• **Activity**
In your reply, reproduce the lines from the first one below to the line containing "move=> i _;", inclusive, exactly as they stand.

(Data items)
=====
Lemma fermat_int p (x : int) : prime p -> (p%:Z %| x ^+ p - x)%Z.
Proof.
move=> pp; rewrite (dvdz_pcharf (pchar_Fp pp)) rmorphB /= rmorphXn /=.
by rewrite -[in X in _ ^+ X](card_Fp pp) expf_card subrr.
Qed.

Lemma lift_dvd p n (x y : int) : prime p -> (0 < n)%N ->
  ((p%:Z) ^+ n %| x - y)%Z -> ((p%:Z) ^+ n.+1 %| x ^+ p - y ^+ p)%Z.
Proof.
move=> pp n0 H.
have Hp : (p%:Z %| x - y)%Z by apply: dvdz_trans H; apply: dvdz_exp.
rewrite subrXX exprSr; apply: dvdz_mul => //.
rewrite (eq_bigr (fun i : 'I_p =>
    (x ^+ (p.-1 - i) - y ^+ (p.-1 - i)) * y ^+ i + y ^+ p.-1)); last first.
  move=> i _; rewrite mulrBl -exprD subnK ?subrK //.
  by rewrite -ltnS prednK ?prime_gt0.
rewrite big_split /=; apply: rpredD.
  apply: rpred_sum => i _; apply: dvdz_mulr.
  by apply: dvdz_trans Hp _; rewrite subrXX dvdz_mulr.
by rewrite sumr_const card_ord -mulr_natr dvdz_mull // natz.
Qed.

Lemma telescope_down t k (f : nat -> int) : (t <= k)%N ->
  \sum_(t <= m < k) (f m - f m.+1) = f t - f k.
Proof.
move=> H; rewrite -(opprB (f k)) -telescope_sumr // -sumrN.
by apply: eq_bigr => m _; rewrite opprB.
Qed.

(* jnd raises the ghost coordinates below the top to the p-th power; the
   divisions in its definition are exact by Fermat and lift_dvd. *)
Lemma ghost_jnd p k t (a : Rk k) : prime p -> (t <= k)%N ->
  ghost p t (jndR p k.+1 a) = (ghost p t a) ^+ p.
Proof.
move=> pp Htk.
rewrite /jndR ghost_mk big_nat_recr /=; last by apply: leqW.
rewrite big_nat_recr //= eqxx subnn expr0 mulr1.
rewrite (ltn_eqF (ltnSn k)) leqnn.
have -> : (k.+1 - k = 1)%N by lia.
rewrite expn1 subnn expn0 expr1 expr1 divzK; last exact: fermat_int.
rewrite (eq_big_nat _ _
  (F2 := fun m => (ghost p m a) ^+ p - (ghost p m.+1 a) ^+ p)); last first.
  move=> m /andP[_ Hm].
  rewrite (ltn_eqF (leqW Hm)) leqNgt Hm /= divzK //.
  have -> : (k.+1 - m = (k - m).+1)%N by lia.
  apply: lift_dvd => //; first by lia.
  rewrite /ghost big_ltn ?addrK; last by lia.
  exact: dvdz_mull (dvdzz _).
by rewrite telescope_down // ghost_top; ring.
Qed.
(* Let $f:[0,1]\to[0,1]$ be a surjective continuous function. Then $f$ admits a splitting sequence if and only if $f^2=f\circ f$ admits a splitting sequence.
   Context: For a continuous surjective $g:[0,1]\to[0,1]$: a sequence $(T_n)_{n\in\mathbb N}$ of closed intervals $T_n\subsetneq[0,1]$ (possibly degenerate) is tight for $g$ if $g(T_{n+1})=T_n$ for every $n$ and $T_n$ is nondegenerate for all sufficiently large $n$. A tight sequence $(T_n)$, $T_n=[l_n,r_n]$, is a splitting sequence admitted by $g$ if there are an infinite set $N\subseteq\mathbb N$ and nondegenerate closed intervals $S_n\subseteq[0,1]$ ($n\in N$) with $S_n\cap T_n\subseteq\{l_n,r_n\}$ and $g(S_n)=g(T_n)$ for all $n\in N$. *)

From Stdlib Require Import Reals.
Open Scope R_scope.

Definition Icc (a b : R) (x : R) : Prop := a <= x <= b.

Definition image_Icc_eq (g : R -> R) (a b c d : R) : Prop :=
  forall y, (exists x, Icc a b x /\ g x = y) <-> Icc c d y.

Definition cont01 (g : R -> R) : Prop :=
  forall x, Icc 0 1 x -> forall eps, 0 < eps ->
    exists delta, 0 < delta /\
      forall y, Icc 0 1 y -> Rabs (y - x) < delta -> Rabs (g y - g x) < eps.

Definition surj01 (g : R -> R) : Prop := image_Icc_eq g 0 1 0 1.

Definition proper_subinterval (l r : R) : Prop :=
  0 <= l /\ l <= r /\ r <= 1 /\ ~ (l = 0 /\ r = 1).

Definition tight (g : R -> R) (l r : nat -> R) : Prop :=
  (forall n, proper_subinterval (l n) (r n)) /\
  (forall n, image_Icc_eq g (l (S n)) (r (S n)) (l n) (r n)) /\
  (exists N, forall n, (N <= n)%nat -> l n < r n).

Definition splitting_sequence (g : R -> R) (l r : nat -> R) : Prop :=
  tight g l r /\
  exists (Nset : nat -> Prop) (a b : nat -> R),
    (forall m, exists n, (m <= n)%nat /\ Nset n) /\
    (forall n, Nset n ->
       0 <= a n /\ a n < b n /\ b n <= 1 /\
       (forall x, Icc (a n) (b n) x -> Icc (l n) (r n) x -> x = l n \/ x = r n) /\
       (forall y, (exists x, Icc (a n) (b n) x /\ g x = y) <->
                  (exists x, Icc (l n) (r n) x /\ g x = y))).

Definition admits_splitting_sequence (g : R -> R) : Prop :=
  exists l r : nat -> R, splitting_sequence g l r.

(* Forward: infinitely many splitting indices of a tight sequence T_n for f share a parity p,
   and T_{2k+p} is then tight and splitting for f∘f, since f(S) = f(T) implies f²(S) = f²(T).

   Backward: given a tight sequence T_n for f∘f, interleave intervals X_n ⊆ T_n and Y_n with
   f(X_{n+1}) = Y_n and f(Y_n) = X_n, taking for Y_n a minimal interval inside f(T_{n+1})
   mapped onto X_n, i.e. one whose interior avoids the two endpoint values of X_n.  Two
   minimal intervals over the same target either coincide or meet only at endpoints.  So if
   S splits T_{n+1} for f∘f, a minimal K ⊆ f(S) over X_n either splits Y_n for f, or equals
   Y_n; in the latter case Y_n ⊆ f(S) and an interval of S mapped onto Y_n splits X_{n+1}. *)

From Stdlib Require Import Reals Lra Lia Classical ClassicalEpsilon.
Open Scope R_scope.

Lemma image_ext (f g : R -> R) a b y : (forall x, Icc a b x -> f x = g x) ->
  (exists x, Icc a b x /\ f x = y) <-> (exists x, Icc a b x /\ g x = y).
Proof.
  intros fg; split; intros [x [xab <-]]; exists x; split; auto.
  symmetry; auto.
Qed.

Lemma image_comp (f g : R -> R) a b c d y : image_Icc_eq f a b c d ->
  (exists x, Icc a b x /\ g (f x) = y) <-> (exists w, Icc c d w /\ g w = y).
Proof.
  intros img; split.
  - intros [x [xab <-]]. exists (f x); split; [apply img; now exists x | reflexivity].
  - intros [w [wcd <-]]. destruct (proj2 (img w) wcd) as [x [xab <-]]. now exists x.
Qed.

Lemma image_Icc_eq_01 f a b c d : surj01 f -> 0 <= a -> b <= 1 -> c <= d ->
  image_Icc_eq f a b c d -> 0 <= c /\ d <= 1.
Proof.
  intros f_surj a0 b1 cd img.
  assert (in01 : forall y, Icc c d y -> Icc 0 1 y).
  { intros y hy. destruct (proj2 (img y) hy) as [x [xab <-]].
    apply f_surj. exists x; split; [unfold Icc in *; lra | reflexivity]. }
  destruct (in01 c), (in01 d); unfold Icc; lra.
Qed.

Lemma proper_subinterval_sub l r u v : proper_subinterval l r ->
  l <= u -> u <= v -> v <= r -> proper_subinterval u v.
Proof.
  unfold proper_subinterval; lra.
Qed.

Section IntermediateValues.

Variable h : R -> R.
Hypothesis h_cont : continuity h.

Lemma IVT_between a b y : a <= b -> (h a <= y <= h b \/ h b <= y <= h a) ->
  exists x, a <= x <= b /\ h x = y.
Proof.
  intros ab hy.
  assert (shifted_cont : continuity (fun x => h x - y)).
  { apply continuity_minus; [exact h_cont | apply continuity_const; now intros ? ?]. }
  destruct (IVT_cor _ a b shifted_cont ab) as [x [xab hx]]; [destruct hy; nra |].
  exists x; split; [exact xab | lra].
Qed.

Lemma IVT_open a b y : a < b -> (h a < y < h b \/ h b < y < h a) ->
  exists x, a < x < b /\ h x = y.
Proof.
  intros ab hy.
  destruct (IVT_between a b y) as [x [xab hx]]; [lra | lra |].
  assert (x <> a) by (intros ->; lra).
  assert (x <> b) by (intros ->; lra).
  exists x; split; [lra | exact hx].
Qed.
(* During the warm-up each step costs ln(1 + L) - ln k <= ln(k+1) - 2 ln k,
   where L = ln((k+1)/k). *)
Lemma warmup_cost_le k : (1 <= k)%nat -> warmup_cost k <= 2 * ln (INR k) - log_fact k.
Proof.
elim: k => [//|k IH] _. case: k IH => [|k] IH; first by rewrite /= Rplus_0_l ln_1; lra.
rewrite warmup_cost_S // log_fact_S.
have {}IH := IH erefl. have HK := INR_ge1 (ltn0Sn k).
move: IH; rewrite /norm_cost /escape_cost /beta_opt (S_INR k.+1); move: (INR k.+1) HK => K HK IH.
have hL := ln_ratio_pos (T := K + 1) HK ltac:(lra).
have eL : ln ((K + 1) / K) = ln (K + 1) - ln K by rewrite Rcomplements.ln_div; lra.
move: hL eL; set L := ln ((K + 1) / K) => hL eL.
have step : ln (K + K / L) - ln K + - ln (K / L) = ln (1 + L) - ln K.
  rewrite (Rcomplements.ln_div K L); [|lra|lra].
  rewrite (_ : K + K / L = K * (1 + L) / L); last by field; lra.
  rewrite Rcomplements.ln_div; [|nra|lra]. rewrite ln_mult; [ring|lra|lra].
have := ln_1p_le (y := L) ltac:(lra).
lra.
Qed.

(* (R, +, 0) as a commutative monoid, so that [perm_big] applies to [sumR]. *)
HB.instance Definition _ := Monoid.isComLaw.Build R 0 Rplus
  (fun a b c => esym (Rplus_assoc a b c)) Rplus_comm Rplus_0_l.

Lemma sumR_big (T : Type) (f : T -> R) (l : seq T) :
  sumR (map f l) = \big[Rplus/0]_(i <- l) f i.
Proof. by elim: l => [|a l IH] /=; rewrite ?big_nil // big_cons IH. Qed.

Lemma sumR_perm (T : eqType) (f : T -> R) (l1 l2 : seq T) :
  perm_eq l1 l2 -> sumR (map f l1) = sumR (map f l2).
Proof. by move=> H; rewrite !sumR_big; apply: perm_big. Qed.

Lemma sumR_rcons l a : sumR (rcons l a) = sumR l + a.
Proof. by elim: l => [|b l IH] /=; rewrite ?IH; ring. Qed.

Lemma prodR_rcons l a : prodR (rcons l a) = prodR l * a.
Proof. by elim: l => [|b l IH] /=; rewrite ?IH; ring. Qed.

Lemma sumR_update (T : eqType) (l : seq T) (f g : T -> R) x :
  uniq l -> x \in l -> (forall j, j != x -> g j = f j) ->
  sumR (map g l) = sumR (map f l) + (g x - f x).
Proof.
elim: l => [//|a l IH] /= /andP[anl ul]. rewrite in_cons => /orP[/eqP ->|xl] H.
  have -> : sumR (map g l) = sumR (map f l).
    congr sumR; apply/eq_in_map => j jl; apply: H.
    by apply: contraNneq anl => <-.
  ring.
have ax : a != x by apply: contraNneq anl => ->.
rewrite (IH ul xl H) (H a ax). ring.
Qed.

Lemma sumR_ge (T : eqType) (l : seq T) (f : T -> R) c :
  (forall j, j \in l -> c <= f j) -> INR (size l) * c <= sumR (map f l).
Proof.
elim: l => [|a l IH] H; first by rewrite /=; lra.
rewrite [size _]/= S_INR (_ : sumR _ = f a + sumR (map f l)) //. have := H a (mem_head _ _).
have := IH (fun j jl => H j (ltac:(by rewrite in_cons jl orbT))). lra.
Qed.

Lemma ln_prodR (T : eqType) (l : seq T) (g : T -> R) :
  (forall j, j \in l -> 0 < g j) ->
  ln (prodR (map g l)) = sumR (map (fun j => ln (g j)) l) /\ 0 < prodR (map g l).
Proof.
elim: l => [|a l IH] H /=; first by rewrite ln_1; split; lra.
have Ha : 0 < g a by apply: H; rewrite in_cons eqxx.
have [e p] := IH (fun y yl => H y ltac:(by rewrite in_cons yl orbT)).
by rewrite ln_mult // e; split; [ring | apply Rmult_lt_0_compat].
Qed.

Section Sequences.
Variable X : finType.
Implicit Types (s : seq X) (x j : X).

Lemma prefix_pairs_rcons (pre s : seq X) x :
  prefix_pairs pre (rcons s x) = rcons (prefix_pairs pre s) (pre ++ s, x).
Proof.
by elim: s pre => [|a s IH] pre /=; rewrite ?cats0 // IH cat_rcons.
Qed.

Lemma cnt_rcons s x j : cnt (rcons s x) j = (cnt s j + (x == j))%nat.
Proof. by rewrite /cnt -cats1 count_cat /= addn0 eq_sym. Qed.

Lemma cnt_gt0 s j : j \in s -> (1 <= cnt s j)%nat.
Proof. by rewrite /cnt -has_count has_pred1. Qed.

Lemma undup_rcons_mem s x : x \in s -> perm_eq (undup (rcons s x)) (undup s).
Proof.
move=> xs. apply: uniq_perm; rewrite ?undup_uniq // => y.
by rewrite !mem_undup mem_rcons in_cons; case: eqP => // ->.
Qed.

Lemma undup_rcons_notin s x : x \notin s -> perm_eq (undup (rcons s x)) (rcons (undup s) x).
Proof.
move=> xs. apply: uniq_perm; rewrite ?rcons_uniq ?mem_undup ?xs ?undup_uniq //.
by move=> y; rewrite mem_undup !mem_rcons !in_cons mem_undup.
Qed.

Lemma size_undup_rcons s x :
  size (undup (rcons s x)) = (size (undup s) + (x \notin s))%nat.
Proof.
case: (boolP (x \in s)) => xs.
  by rewrite (perm_size (undup_rcons_mem xs)) addn0.
by rewrite (perm_size (undup_rcons_notin xs)) size_rcons addn1.
Qed.

Lemma sumR_undup_rcons (f : nat -> R) s x :
  sumR [seq f (cnt (rcons s x) j) | j <- undup (rcons s x)] =
  sumR [seq f (cnt s j) | j <- undup s] +
  (if x \in s then f (cnt s x).+1 - f (cnt s x) else f 1%nat).
Proof.
case: ifPn => xs.
  rewrite (sumR_perm _ (undup_rcons_mem xs)).
  rewrite (@sumR_update _ _ (fun j => f (cnt s j)) (fun j => f (cnt (rcons s x) j)) x).
  - by rewrite cnt_rcons eqxx addn1.
  - exact: undup_uniq.
  - by rewrite mem_undup.
  - by move=> j jx; rewrite cnt_rcons eq_sym (negbTE jx) addn0.
rewrite (sumR_perm _ (undup_rcons_notin xs)) map_rcons sumR_rcons.
have -> : cnt (rcons s x) x = 1%nat by rewrite cnt_rcons eqxx /cnt (count_memPn xs).
congr (_ + _); congr sumR; apply/eq_in_map => j; rewrite mem_undup => js.
by rewrite cnt_rcons (_ : (x == j) = false) ?addn0 //; apply: contraNF xs => /eqP ->.
Qed.

End Sequences.

Section Model.
Variable X : finType.
Variables (u : X -> R) (v : nat -> R) (beta0 : R).
Hypothesis hu : forall i, 0 < u i.
Hypothesis hv : forall k, 0 < v k.
Hypothesis hb0 : 0 < beta0.
Implicit Types (s : seq X) (x : X).

Lemma weight_pos s x : 0 < weight u v s x.
Proof. exact: Rmult_lt_0_compat. Qed.

Lemma msize_ge1 s : (1 <= size s)%nat -> (1 <= msize s)%nat.
Proof.
case: s => [//|a s] _. rewrite /msize lt0n size_eq0.
by apply/eqP => e; have := mem_head a s; rewrite -mem_undup e.
Qed.

Lemma msize_le s : (msize s <= size s)%nat.
Proof. exact: size_undup. Qed.

Lemma beta_star_eq s : (1 <= size s)%nat -> beta_star beta0 s = beta_opt (size s) (msize s).
Proof. by rewrite /beta_star /beta_opt; case: (size s). Qed.

Lemma S_cond_pos s x : 0 < S_cond u v beta0 s x.
Proof.
rewrite /S_cond. have hw := weight_pos s x.
case: (leqP 1 (size s)) => Hs.
  have Hb := beta_opt_pos (msize_ge1 Hs) (msize_le s).
  rewrite beta_star_eq //. have := pos_INR (size s).
  case: ifP => [/INR_ge1|] hc ht; apply Rdiv_lt_0_compat; try lra.
  exact: Rmult_lt_0_compat.
move: Hs; rewrite ltnS leqn0 size_eq0 => /eqP ->.
rewrite /beta_star /= Rplus_0_l.
by apply Rdiv_lt_0_compat => //; apply Rmult_lt_0_compat => //; apply: weight_pos.
Qed.

Lemma S_prob_rcons s x :
  S_prob u v beta0 (rcons s x) = S_prob u v beta0 s * S_cond u v beta0 s x.
Proof. by rewrite /S_prob prefix_pairs_rcons map_rcons prodR_rcons. Qed.

Lemma S_prob_pos s : 0 < S_prob u v beta0 s.
Proof.
elim/last_ind: s => [|s x IH]; first by rewrite /S_prob /=; lra.
rewrite S_prob_rcons. apply Rmult_lt_0_compat => //. exact: S_cond_pos.
Qed.

Lemma CL_rcons s x :
  CL u v (rcons s x) = CL u v s + (if x \in s then 0 else ln (/ weight u v s x)).
Proof.
rewrite /CL prefix_pairs_rcons filter_rcons /=.
by case: (boolP (x \in s)) => xs /=; rewrite ?map_rcons ?sumR_rcons ?Rplus_0_r.
Qed.
Lemma bounded_vec_convergent_subseq {N} (u : nat -> vec N) (M : R) :
  (forall n, dot (u n) (u n) <= M) ->
  exists phi, strictly_increasing phi /\ exists l, forall e, 0 < e ->
    exists K, forall k, (K <= k)%nat -> dot (vsub (u (phi k)) l) (vsub (u (phi k)) l) < e.
Proof.
  revert u M; induction N as [|n IH]; intros u M HM.
  - exists (fun k => k); split; [intro; lia|]. exists vzero; intros e He; exists O; intros; simpl; lra.
  - set (tail := fun (v : vec (S n)) (i : Fin.t n) => v (Fin.FS i)).
    assert (Hdot : forall v : vec (S n), dot v v = v Fin.F1 * v Fin.F1 + dot (tail v) (tail v))
      by reflexivity.
    destruct (bounded_convergent_subseq (fun k => u k Fin.F1) (M + 1)) as [phi1 [Hphi1 [l0 Hl0]]].
    { intro k; specialize (HM k); rewrite Hdot in HM.
      pose proof (dot_self_nonneg (tail (u k))); pose proof (pow2_ge_0 (u k Fin.F1 - 1)).
      pose proof (pow2_ge_0 (u k Fin.F1 + 1)); apply Rabs_le; split; nra. }
    destruct (IH (fun k => tail (u (phi1 k))) M) as [phi2 [Hphi2 [l' Hl']]].
    { intro k; specialize (HM (phi1 k)); rewrite Hdot in HM; nra. }
    exists (fun k => phi1 (phi2 k)); split; [now apply strictly_increasing_comp|].
    exists (fun i => Fin.caseS' i (fun _ => R) l0 l'); intros e He.
    destruct (Un_cv_subseq _ _ phi2 Hphi2 Hl0 (Rmin 1 (e / 2))) as [K1 HK1];
      [apply Rmin_pos; lra|].
    destruct (Hl' (e / 2)) as [K2 HK2]; [lra|].
    exists (Nat.max K1 K2); intros k Hk.
    specialize (HK1 k ltac:(lia)); specialize (HK2 k ltac:(lia)); unfold R_dist in HK1.
    pose proof (Rmin_l 1 (e / 2)); pose proof (Rmin_r 1 (e / 2)).
    rewrite Hdot; change (tail (vsub (u (phi1 (phi2 k))) _)) with (vsub (tail (u (phi1 (phi2 k)))) l').
    unfold vsub at 1 2; simpl.
    set (d := u (phi1 (phi2 k)) Fin.F1 - l0) in *.
    replace (d * d) with (Rabs d * Rabs d) by (rewrite <- Rabs_mult; apply Rabs_pos_eq; nra).
    pose proof (Rabs_pos d); nra.
Qed.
=====
• **Response area**
Lemma fermat_int p (x : int) : prime p -> (p%:Z %| x ^+ p - x)%Z.
Proof.
move=> pp; rewrite (dvdz_pcharf (pchar_Fp pp)) rmorphB /= rmorphXn /=.
by rewrite -[in X in _ ^+ X](card_Fp pp) expf_card subrr.
Qed.

Lemma lift_dvd p n (x y : int) : prime p -> (0 < n)%N ->
  ((p%:Z) ^+ n %| x - y)%Z -> ((p%:Z) ^+ n.+1 %| x ^+ p - y ^+ p)%Z.
Proof.
move=> pp n0 H.
have Hp : (p%:Z %| x - y)%Z by apply: dvdz_trans H; apply: dvdz_exp.
rewrite subrXX exprSr; apply: dvdz_mul => //.
rewrite (eq_bigr (fun i : 'I_p =>
    (x ^+ (p.-1 - i) - y ^+ (p.-1 - i)) * y ^+ i + y ^+ p.-1)); last first.
  move=> i _; rewrite mulrBl -exprD subnK ?subrK //.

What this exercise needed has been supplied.